By the end of the training, the training accuracy is around 87.3%, and validation accuracy is 76.4%. The loss values stand at 0.381 and 0.942 for training and validation respectively.
From the loss graph, it looks like any more training would have resulted in the validation loss diverging from the training loss curve, at least under the current training settings. Hopefully, our model has learned well enough to classify most of the test images correctly.
The Inference Script
By now, we are done with the training part of the tutorial. Using the PyTorch ImageFolder for training CNN models made our work really easier. The only thing left is the inference. As we already have a trained model, let’s write a simple inference script to test our model on unseen images.
For testing, we will use images from the
test
subdirectory inside the
butterflies_rev2
folder. The images are again inside their respective class directories, so, we can easily extract the ground truth information also.
The code that we will write here, will go into the
inference.py
script
.
The first code block contains all the import statements and the construction of the argument parser.
import torch
import cv2
import torchvision.transforms as transforms
import argparse
from model import CNNModel
# construct the argument parser
parser = argparse.ArgumentParser()
parser.add_argument('-i', '--input',
default='input/butterflies_rev2/test/adonis/1.jpg',
help='path to the input image')
args = vars(parser.parse_args())
The
--input
flag will take the path to the test image.
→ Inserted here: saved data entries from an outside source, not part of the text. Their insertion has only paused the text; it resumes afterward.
(* Let $m,n\ge1$ and let $F\subseteq\{1,\dots,m\}\times\{1,\dots,n\}$ be a binary image with row sums $(r_1,\dots,r_m)$ and column sums $(c_1,\dots,c_n)$ (no assumption on $r_1$ or $r_m$). Let $L_h(F)$ be the length of the horizontal boundary of $F$. Define $b_i=\#\{j:c_j\ge i\}$ and $d_i=b_i-r_i$ for $i=1,\dots,m$, and set $d_0=d_{m+1}=0$. Let $k$ be an integer with $1\le k\le m$ such that $d_k<0$ and $d_{k+1}\ge0$, and let $\sigma=\sum_{i=1}^k d_i$. Then for all integers $t,s\ge0$, every set of indices $\{i_1<\dots<i_{2t+1}\}\subseteq\{0,1,\dots,k,m+1\}$ and every set of indices $\{\tilde i_1<\dots<\tilde i_{2s+1}\}\subseteq\{0,k+1,k+2,\dots,m+1\}$, \[ L_h(F)\ \ge\ 2r_1+\big(d_{i_1}-d_{i_2}+d_{i_3}-\cdots-d_{i_{2t}}+2d_{i_{2t+1}}\big)+\big(d_{\tilde i_1}-d_{\tilde i_2}+d_{\tilde i_3}-\cdots-d_{\tilde i_{2s}}+2d_{\tilde i_{2s+1}}\big)-\sigma. \]
   Context: A binary image is a finite set $F\subseteq\mathbb Z^2$; point $(i,j)$ lies in row $i$ and column $j$. The row sum $r_i$ is the number of points of $F$ in row $i$, and the column sum $c_j$ is the number of points of $F$ in column $j$. The horizontal boundary of $F$ is the set of ordered pairs of points $((i,j),(i',j))$ of $\mathbb Z^2$ with $|i-i'|=1$, $(i,j)\in F$ and $(i',j)\notin F$; its length is the number of such pairs. *)

From mathcomp Require Import all_boot all_order all_algebra.
Set Implicit Arguments. Unset Strict Implicit. Unset Printing Implicit Defensive.
Import Order.TTheory GRing.Theory Num.Theory.
(* Let $H=(V,E)$ be a downward-closed hypergraph (for every $e\in E$ and every $e'\subseteq e$ with $|e'|>1$, $e'\in E$), and let $F$ be a facet of $\mathrm{MP}^H$. Define $V_1^F=\{I\in V: \forall z\in\mathrm{MP}^H,\ z_I=1 \text{ implies } z\in F\}$, and for $U\subseteq V$ define $E_U=\{e\in L(V)\cup E\cup\{\varnothing\}: e\subseteq V\setminus U,\ e\cup U\in L(V)\cup E\}$ and $F_U=\{z\in F: z_I=0\ \forall I\in U\}$. If $U\subseteq V\setminus V_1^F$ is nonempty, then either $E_U$ is empty, or the projection $\operatorname{proj}_{E_U\setminus\{\varnothing\}}F_U$ is full-dimensional in $\mathbb{R}^{E_U\setminus\{\varnothing\}}$.
   Context: A hypergraph $H=(V,E)$ here has a finite vertex set $V$ and hyperedge set $E$ consisting of subsets $e\subseteq V$ with $|e|\ge 2$. Write $L(V)=\{\{I\}: I\in V\}$. The multilinear set is $\mathcal{S}^H=\{z\in\{0,1\}^{L(V)\cup E}: z_e=\prod_{I\in e}z_I\ \forall e\in E\}$, where $z_I=z_{\{I\}}$, and the multilinear polytope is $\mathrm{MP}^H=\operatorname{conv}\mathcal{S}^H$. $\operatorname{proj}_{S'}$ extracts the coordinates indexed by $S'$. *)

From mathcomp Require Import all_boot all_order all_algebra.
Set Implicit Arguments. Unset Strict Implicit. Unset Printing Implicit Defensive.
Import Order.TTheory GRing.Theory Num.Theory.
Local Open Scope ring_scope.

Section Defs.
Variables (R : realFieldType) (V : finType).

(* Ambient vectors: real functions on subsets of V; coordinates outside
   the relevant index set are required to be 0 where relevant. *)
Local Notation vec := {ffun {set V} -> R}.

Definition hypergraph (E : {set {set V}}) : Prop :=
  forall e, e \in E -> (2 <= #|e|)%N.

Definition downward_closed (E : {set {set V}}) : Prop :=
  forall e e' : {set V}, e \in E -> e' \subset e -> (1 < #|e'|)%N -> e' \in E.

Definition LV : {set {set V}} := [set [set i] | i : V].

Definition coords (E : {set {set V}}) : {set {set V}} := LV :|: E.

(* the multilinear set S^H, embedded in vec (zero outside L(V) u E) *)
Definition mlset (E : {set {set V}}) (z : vec) : Prop :=
  [/\ forall e, e \notin coords E -> z e = 0,
      forall i : V, z [set i] = 0 \/ z [set i] = 1 &
      forall e, e \in E -> z e = \prod_(i in e) z [set i]].
(* Let $\mathcal T$ denote the set of Smirnov trees and, for $T\in\mathcal T$, let $a(T)$ be the label of its principal node $\alpha(T)$. Consider the set $$\mathcal X=\{(T,S,b)\in \mathcal T\times(\mathcal T\cup\{D,U\})\times\mathbb N:\ a(T)\neq b\},$$ where $D$ and $U$ are two formal symbols. Then the map $\Phi$ (defined in the context) is a well-defined bijection from $\mathcal X$ onto the set of Smirnov trees with at least $2$ nodes; it is weight-preserving, i.e. $w(\Phi(T,S,b))=w(T,S,b)$ for all $(T,S,b)\in\mathcal X$; and the principal node of $\Phi(T,S,b)$ has label $b$.
   Context: Trees are labeled rooted binary trees (each child is either a left or a right child, each node has at most one left and one right child) with labels in the positive integers $\mathbb N=\{1,2,\dots\}$, and have at least one node. Such a tree is a Smirnov tree if: whenever a left child has the same label $i$ as its parent, the parent also has a right child with label $<i$; and whenever a right child has the same label $i$ as its parent, the parent also has a left child with label $>i$. Let $\mathcal T$ be the set of Smirnov trees and $\mathcal T^c$ those whose root has label $c$. Principal path $P(T)$: start at the root; if the current vertex has no right child, stop; if the current vertex has a left child with the same label, move to that left child; otherwise move to the right child. The last vertex of $P(T)$ is the principal node $\alpha(T)$, with label $a(T)$; $M(T)$ and $m(T)$ are the maximum and minimum labels on $P(T)$. Weights: $\rho,\bar\rho,\lambda,\bar\lambda$ are commuting indeterminates and $x_1,x_2,\dots$ commuting variables. An edge from a parent with label $a$ to its right child with label $b$ has weight $\bar\rho$ if $a\le b$ and $\rho$ if $a>b$. An edge between a left child with label $a$ and its parent with label $b$ has weight $\bar\lambda$ if $a\le b$ and $\lambda$ if $a>b$. A node with label $a$ has weight $x_a$. The weight $w(T)$ of a tree is the product of the weights of all its edges and nodes. Weight of a triple $(T,S,b)\in\mathcal X$, with $a=a(T)$: $w(T,S,b)$ equals $\bar\rho\,w(T)x_b$ if $a<b,S=D$; $\rho\,w(T)x_b$ if $a>b,S=D$; $\bar\lambda\,w(T)x_b$ if $a<b,S=U$; $\lambda\,w(T)x_b$ if $a>b,S=U$; $\bar\lambda\bar\rho\,w(T)w(S)x_b$ if $a<b,S\in\mathcal T$; $\lambda\rho\,w(T)w(S)x_b$ if $a>b,S\in\mathcal T$. Definition of $\Phi(T,S,b)$. Write $\alpha=\alpha(T)$, $a=a(T)$, $P=P(T)$, $M=M(T)$, $m=m(T)$; if $S\in\mathcal T$ let $c$ be the label of its root. If $a<b$ (resp. $a>b$), let $\delta$ be the last vertex on $P$ with label $\ge b$ (resp. $\le b$) and $d$ its label (undefined if no such vertex exists). Note $\alpha$ has no right child. (1) If $S=D$, or $S\in\mathcal T^c$ with $a,c<b$, or $S\in\mathcal T^c$ with $a,c>b$: add to $\alpha$ a right child $\beta$ with label $b$; if $S=D$, $\beta$ has no children; if $S\in\mathcal T$, $\beta$ has $S$ as its left subtree (and no right child). (2) If $S=U$ and $a<b$, $M<b$; or $S=U$ and $a>b$, $m>b$; or $S\in\mathcal T^c$ and $a<b$, $M<b\le c$; or $S\in\mathcal T^c$ and $a>b$, $m>b\ge c$: add a new root $\beta$ with label $b$ whose left subtree is $T$ (and no right child); if $S\in\mathcal T$, additionally make $S$ the right subtree of $\alpha$. (3) If $S=U$, $a<b\le M$, $d>b$; or $S=U$, $a>b\ge m$, $d<b$; or $S\in\mathcal T^c$, $a<b$, $b\le c$, $b\le M$, $d>b$; or $S\in\mathcal T^c$, $a>b$, $b\ge c$, $b\ge m$, $d<b$: replace the right subtree of $\delta$ by a new node $\beta$ with label $b$, which has no right child and whose left subtree is the former right subtree of $\delta$; if $S\in\mathcal T$, additionally make $S$ the right subtree of $\alpha$. (4) If $S=U$, $a<b\le M$, $d=b$; or $S\in\mathcal T^c$, $a<b$, $b\le c$, $b\le M$, $d=b$: replace the left subtree of $\delta$ by a new node $\beta$ with label $b$, which has no right child and whose left subtree is the former left subtree of $\delta$ (empty if $\delta$ had none); if $S\in\mathcal T$, additionally make $S$ the right subtree of $\alpha$. (5) If $S=U$, $a>b\ge m$, $d=b$; or $S\in\mathcal T^c$, $a>b$, $b\ge c$, $b\ge m$, $d=b$: make the former right subtree of $\delta$ its new left subtree, and make its new right child a new node $\beta$ with label $b$, which has no right child and whose left subtree is the former left subtree of $\delta$; if $S\in\mathcal T$, additionally make $S$ the right subtree of $\alpha$. *)

From mathcomp Require Import all_boot all_algebra.
Set Implicit Arguments. Unset Strict Implicit. Unset Printing Implicit Defensive.
Import GRing.Theory.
We have provided a default path for a test image as well.
The next code block defines the computation device and all the class labels that we have.
The labels list contains all the 50 class names that we have in the dataset.
Initialize the Model and Define the Preprocessing Tranforms
Now, we will initialize the model and load the trained weights.
# initialize the model and load the trained weights
model = CNNModel().to(device)
checkpoint = torch.load('outputs/model.pth', map_location=device)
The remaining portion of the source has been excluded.